O Coordenador do Núcleo de Estudos Afrobrasileiros da UnB, Nelson Fernando Inocêncio da Silva, considera que a decisão do STF dá mais responsabilidade à Universidade em ter uma visão de como será o futuro da política de cotas para negros. A reserva de vagas para o sistema, implantada a partir do 2º Vestibular de 2004, tem vigência de 10 anos. “Os desdobramentos da política de cotas após esse período devem seguir um curso social que compreenda a necessidade de a UnB continuar a atender a sociedade”, pondera.

A avaliação de quem acompanha o sistema desde sua criação é de que houve uma evolução do processo, mas ainda é preciso promover uma abordagem quanto ao estudante cotista voltada à comunidade. “O debate sobre as experiências dos cotistas deve ser levado para dentro das escolas e da comunidade, a fim de que o Sistema de Cotas para Negros seja esclarecido de forma mais intensa”, justifica Ivair Augusto Alves, Coordenador do Centro de Convivência Negra e da Assessoria de Diversidade e Apoio ao Cotista da Reitoria da UnB.

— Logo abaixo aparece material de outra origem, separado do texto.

Lemma norm2D x y : norm2 (x + y) <= norm2 x + norm2 y.
Proof.
rewrite -[leRHS]ger0_norm ?addr_ge0 ?norm2_ge0 // -sqrtr_sqr ler_sqrt ?sqr_ge0 //.
have -> : \sum_(i < d) (x + y) ord0 i ^+ 2 = \sum_(i < d) x ord0 i ^+ 2
    + \sum_(i < d) y ord0 i ^+ 2 + 2 * \sum_(i < d) x ord0 i * y ord0 i.
  by rewrite mulr_sumr -!big_split; apply: eq_bigr => i _ /=; rewrite mxE; ring.
by rewrite -!sqr_norm2; have := dot_le_norm2 x y; lra.
Qed.

Lemma norm2_sub_triangle x y z : norm2 (x - z) <= norm2 (x - y) + norm2 (y - z).
Proof. by have := norm2D (x - y) (y - z); rewrite addrA subrK. Qed.

Lemma lipschitz_const_ge0 (F : 'rV[R]_d -> 'rV[R]_d) L (j : 'I_d) :
  (forall x y, norm2 (F x - F y) <= L * norm2 (x - y)) -> 0 <= L.
Proof.
move=> hF; have := le_trans (norm2_ge0 _) (hF (delta_mx ord0 j) 0); rewrite subr0.
have : 1 <= norm2 (delta_mx ord0 j : 'rV[R]_d).
  by have := coord_le_norm2 (delta_mx ord0 j) j; rewrite mxE !eqxx normr1.
by move=> e1; rewrite pmulr_lge0 // (lt_le_trans ltr01).
Qed.

End EuclideanNorm.

Lemma card_le_of_injective_bounded (T : finType) (S : {pred T}) (rk : T -> nat) n :
  {in S &, injective rk} -> {in S, forall i, rk i < n}%N -> (#|S| <= n)%N.
Proof.
move=> rk_inj rk_lt; rewrite cardE -(size_map rk) -[n](size_iota 0).
apply: uniq_leq_size => [|x /mapP[i]].
  by rewrite map_inj_in_uniq ?enum_uniq // => i j; rewrite !mem_enum; apply: rk_inj.
by rewrite mem_enum => /rk_lt ? ->; rewrite mem_iota.
Qed.

Section FilterCount.
Variables (R : realType) (d B : nat) (blk : 'I_d -> 'I_B).
Implicit Types (z : 'rV[R]_d) (i j l : 'I_d).

Lemma beats_irrefl z i : ~~ beats z i i.
Proof. by rewrite /beats ltxx ltnn andbF. Qed.

Lemma beats_total z i j : i != j -> beats z i j || beats z j i.
Proof.
rewrite /beats; case: (ltgtP `|z ord0 j| `|z ord0 i|) => //= _.
by case: (ltngtP i j) => // /val_inj ->; rewrite eqxx.
Qed.

Lemma beats_trans z i j l : beats z l j -> beats z j i -> beats z l i.
Proof.
rewrite /beats => /orP[h1|/andP[/eqP h1 h1']] /orP[h2|/andP[/eqP h2 h2']].
- by rewrite (lt_trans h2 h1).
- by rewrite -h2 h1.
- by rewrite h1 h2.
- by rewrite h1 h2 eqxx (ltn_trans h1' h2') orbT.
Qed.

(* [FLT] keeps exactly the coordinates whose [block_rank] is below
   [ceil (block_size i * alpha)]. *)
Definition block_rank z i := #|[set j | (blk j == blk i) && beats z j i]|.

Lemma block_rank_lt z i j :
  blk j = blk i -> beats z j i -> (block_rank z j < block_rank z i)%N.
Proof.
move=> bji ji; apply/proper_card/properP; split.
  apply/fintype.subsetP => l; rewrite !inE => /andP[/eqP -> lj].
  by rewrite bji eqxx (beats_trans lj ji).
by exists j; rewrite !inE ?bji ?eqxx ?ji // (negbTE (beats_irrefl z j)) andbF.
Qed.

Lemma block_rank_inj z i j :
  blk i = blk j -> block_rank z i = block_rank z j -> i = j.
Proof.
move=> bij rij; apply/eqP/negPn/negP => /(beats_total z)/orP[] h.
  by have := block_rank_lt bij h; rewrite rij ltnn.
by have := block_rank_lt (esym bij) h; rewrite rij ltnn.
Qed.

Lemma FLT_01 alpha z i : FLT blk alpha z ord0 i = 0 \/ FLT blk alpha z ord0 i = 1.
Proof. by rewrite mxE; case: ifP; [right|left]. Qed.
(* In the setting below, let $L_{\Sigma_1,\alpha_1}$ be any finite-dimensional Krein subspace of $L_{\Sigma_1}$. Then there exists a finite-dimensional Krein subspace $L_{\Sigma,\alpha}$ of $L_\Sigma$ such that for every $\phi\in L_{\Sigma_1,\alpha_1}$ there are $\phi',\phi''\in L_{\Sigma,\alpha}$ with $$u_M(\phi,\phi',\phi'')=(u_{M_1}(\phi),\phi'',\phi').$$
   Context: A classical free fermionic field theory on a spacetime system is given as follows. To each (oriented) hypersurface $\Sigma$ is associated a real separable Krein space $(L_\Sigma,g_\Sigma)$ (a real inner product space with an orthogonal decomposition $L_\Sigma=L_{\Sigma,+}\oplus L_{\Sigma,-}$, $g_\Sigma$ positive definite and complete on $L_{\Sigma,+}$, negative definite and complete on $L_{\Sigma,-}$). A finite-dimensional Krein subspace is a finite-dimensional subspace on which $g_\Sigma$ is non-degenerate. For $\overline{\Sigma}$, $L_{\overline\Sigma}$ is identified with $L_\Sigma$ as a vector space with $g_{\overline\Sigma}=-g_\Sigma$. If $\Sigma$ decomposes as $\Sigma_1\cup\cdots\cup\Sigma_n$, then $L_\Sigma\cong L_{\Sigma_1}\oplus\cdots\oplus L_{\Sigma_n}$ isometrically. To each region $N$ is associated a real vector space $L_N$ and a linear map $r_N:L_N\to L_{\partial N}$ whose image $L_{\tilde N}$ is a hypermaximal neutral subspace of $L_{\partial N}$ ($g_{\partial N}$ vanishes on it and it equals its own orthogonal complement). For a region $N$, $u_N:L_{\partial N}\to L_{\partial N}$ is the unique linear map with $u_N^2=\mathrm{id}$, mapping $L_{\partial N,\pm}$ onto $L_{\partial N,\mp}$ with $g_{\partial N}(u_Nx,u_Ny)=-g_{\partial N}(x,y)$, and equal to the identity on $L_{\tilde N}$. Setting: $M$ is a region with boundary decomposing as a disjoint union $\partial M=\Sigma_1\cup\Sigma\cup\overline{\Sigma'}$, $\Sigma'$ a copy of $\Sigma$, and $M_1$ is the region obtained by gluing $M$ to itself along $\Sigma,\overline{\Sigma'}$ (so $\partial M_1=\Sigma_1$). Elements of $L_{\partial M}=L_{\Sigma_1}\oplus L_\Sigma\oplus L_{\overline{\Sigma'}}$ are written as triples, with $L_{\overline{\Sigma'}}$ identified with $L_\Sigma$. Gluing axiom: there is an injective linear map $r_{M;\Sigma,\overline{\Sigma'}}:L_{M_1}\to L_M$ whose image is exactly the set of $x\in L_M$ for which the $L_\Sigma$- and $L_{\overline{\Sigma'}}$-components of $r_M(x)$ coincide, and such that $r_{M_1}$ equals $r_M\circ r_{M;\Sigma,\overline{\Sigma'}}$ followed by the projection onto $L_{\Sigma_1}$. *)

From mathcomp Require Import all_boot all_algebra.
From mathcomp Require Import reals.
Set Implicit Arguments. Unset Strict Implicit. Unset Printing Implicit Defensive.
Import GRing.Theory Num.Theory.
Local Open Scope ring_scope.

Section KreinDefs.
Variables (R : realType) (V : lmodType R).

Definition is_subspace (S : V -> Prop) : Prop :=
  S 0 /\ forall (a : R) x y, S x -> S y -> S (a *: x + y).

Definition sym_bilinear (g : V -> V -> R) : Prop :=
  (forall x y, g x y = g y x) /\
  (forall (a : R) x y z, g (a *: x + y) z = a * g x z + g y z).

(* completeness of the subspace S for the norm sqrt (s * g x x), s = +-1 *)
Definition complete_wrt (g : V -> V -> R) (s : R) (S : V -> Prop) : Prop :=
  forall u : nat -> V, (forall n, S (u n)) ->
    (forall e : R, 0 < e -> exists N, forall m n, (N <= m)%N -> (N <= n)%N ->
        Num.sqrt (s * g (u m - u n) (u m - u n)) < e) ->
    exists l, S l /\ forall e : R, 0 < e -> exists N, forall n, (N <= n)%N ->
        Num.sqrt (s * g (u n - l) (u n - l)) < e.

Definition is_krein (g : V -> V -> R) (Lp Lm : V -> Prop) : Prop :=
  [/\ sym_bilinear g /\ is_subspace Lp /\ is_subspace Lm,
      ((forall x, exists xp xm, [/\ Lp xp, Lm xm & x = xp + xm]) /\
       (forall x, Lp x -> Lm x -> x = 0)),
      (forall xp xm, Lp xp -> Lm xm -> g xp xm = 0) /\
      ((forall x, Lp x -> x <> 0 -> 0 < g x x) /\
       (forall x, Lm x -> x <> 0 -> g x x < 0)),
      (complete_wrt g 1 Lp /\ complete_wrt g (-1) Lm) &
      exists d : nat -> V, forall x (e : R), 0 < e -> exists n,
        forall xp xm, Lp xp -> Lm xm -> x - d n = xp + xm ->
          Num.sqrt (g xp xp - g xm xm) < e].

Definition fd_krein_subspace (g : V -> V -> R) (W : V -> Prop) : Prop :=
  [/\ is_subspace W,
      (exists s : seq V, forall x,
          W x <-> exists c : 'I_(size s) -> R, x = \sum_(i < size s) c i *: s`_i) &
      (forall w, W w -> (forall v, W v -> g w v = 0) -> w = 0)].

Definition hypermaximal_neutral (g : V -> V -> R) (L : V -> Prop) : Prop :=
  is_subspace L /\
  (forall x y, L x -> L y -> g x y = 0) /\
  (forall y, (forall x, L x -> g x y = 0) -> L y).

(* u is "the" map u_N associated with the Krein space (V,g,Lp,Lm) and the
   hypermaximal neutral subspace Lt = L_{tilde N} *)
Definition is_u_map (g : V -> V -> R) (Lp Lm Lt : V -> Prop) (u : V -> V) : Prop :=
  [/\ (forall (a : R) x y, u (a *: x + y) = a *: u x + u y) /\
      (forall x, u (u x) = x),
      ((forall x, Lp x -> Lm (u x)) /\ (forall y, Lm y -> exists x, Lp x /\ u x = y)),
      ((forall x, Lm x -> Lp (u x)) /\ (forall y, Lp y -> exists x, Lm x /\ u x = y)),
      (forall x y, g (u x) (u y) = - g x y) &
      (forall x, Lt x -> u x = x)].

End KreinDefs.

Definition is_linear (R : realType) (U V : lmodType R) (f : U -> V) : Prop :=
  forall (a : R) x y, f (a *: x + y) = a *: f x + f y.

Definition image_of (A B : Type) (f : A -> B) : B -> Prop :=
  fun y => exists x, f x = y.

Ivair acrescenta que a qualidade acadêmica do sistema se encontra na compreensão do que ele representa para a Instituição. O Coordenador destaca que 90% dos cotistas que entraram na UnB foram a primeira pessoa de suas famílias a entrar no ensino superior. “São pessoas de famílias humildes. Para nós, este é um reflexo positivo que demonstra muito bem os objetivos do sistema”, completa.

 

Processo

Para chegar ao formato atual, o Sistema de Cotas para Negros passou por adequações técnicas significativas. Entre os anos de 2004 e 2007, o candidato, no momento da inscrição, optava por concorrer prioritariamente pelo sistema. Ele, então, se dirigia a um dos postos informados em edital para ser fotografado. As fotografias de todos os candidatos que desejavam ser cotistas eram analisadas por uma banca especial, que decidia sobre a homologação ou não do candidato, antes da aplicação das provas. Os candidatos não homologados passavam a concorrer pelo sistema universal.

O processo esbarrava em algumas dificuldades. “As fotos de qualidade técnica ruim prejudicavam a avaliação dos candidatos. O Cespe/UnB observou a necessidade de adotar a entrevista pessoal para suprir essa dificuldade”, lembra Nelson Inocêncio. A partir do 1° Vestibular de 2008, o candidato, após optar concorrer pelo Sistema de Cotas, passou a ser avaliado em uma entrevista pessoal gravada em vídeo.

A Diretoria Executiva do Cespe/UnB, Rosalina Pereira, afirma que o Centro viabiliza o processo de avaliação dos candidatos sugerindo o aperfeiçoamento de ferramentas da seleção, treinando as bancas, além de disponibilizar os componentes de logística e toda a operacionalização. “O mais importante destes aspectos é a reafirmação dos princípios do sistema para que o processo seja realmente legítimo e transparente e que o candidato tenha a garantia e o direito de participar como cidadão”, afirma Rosalina.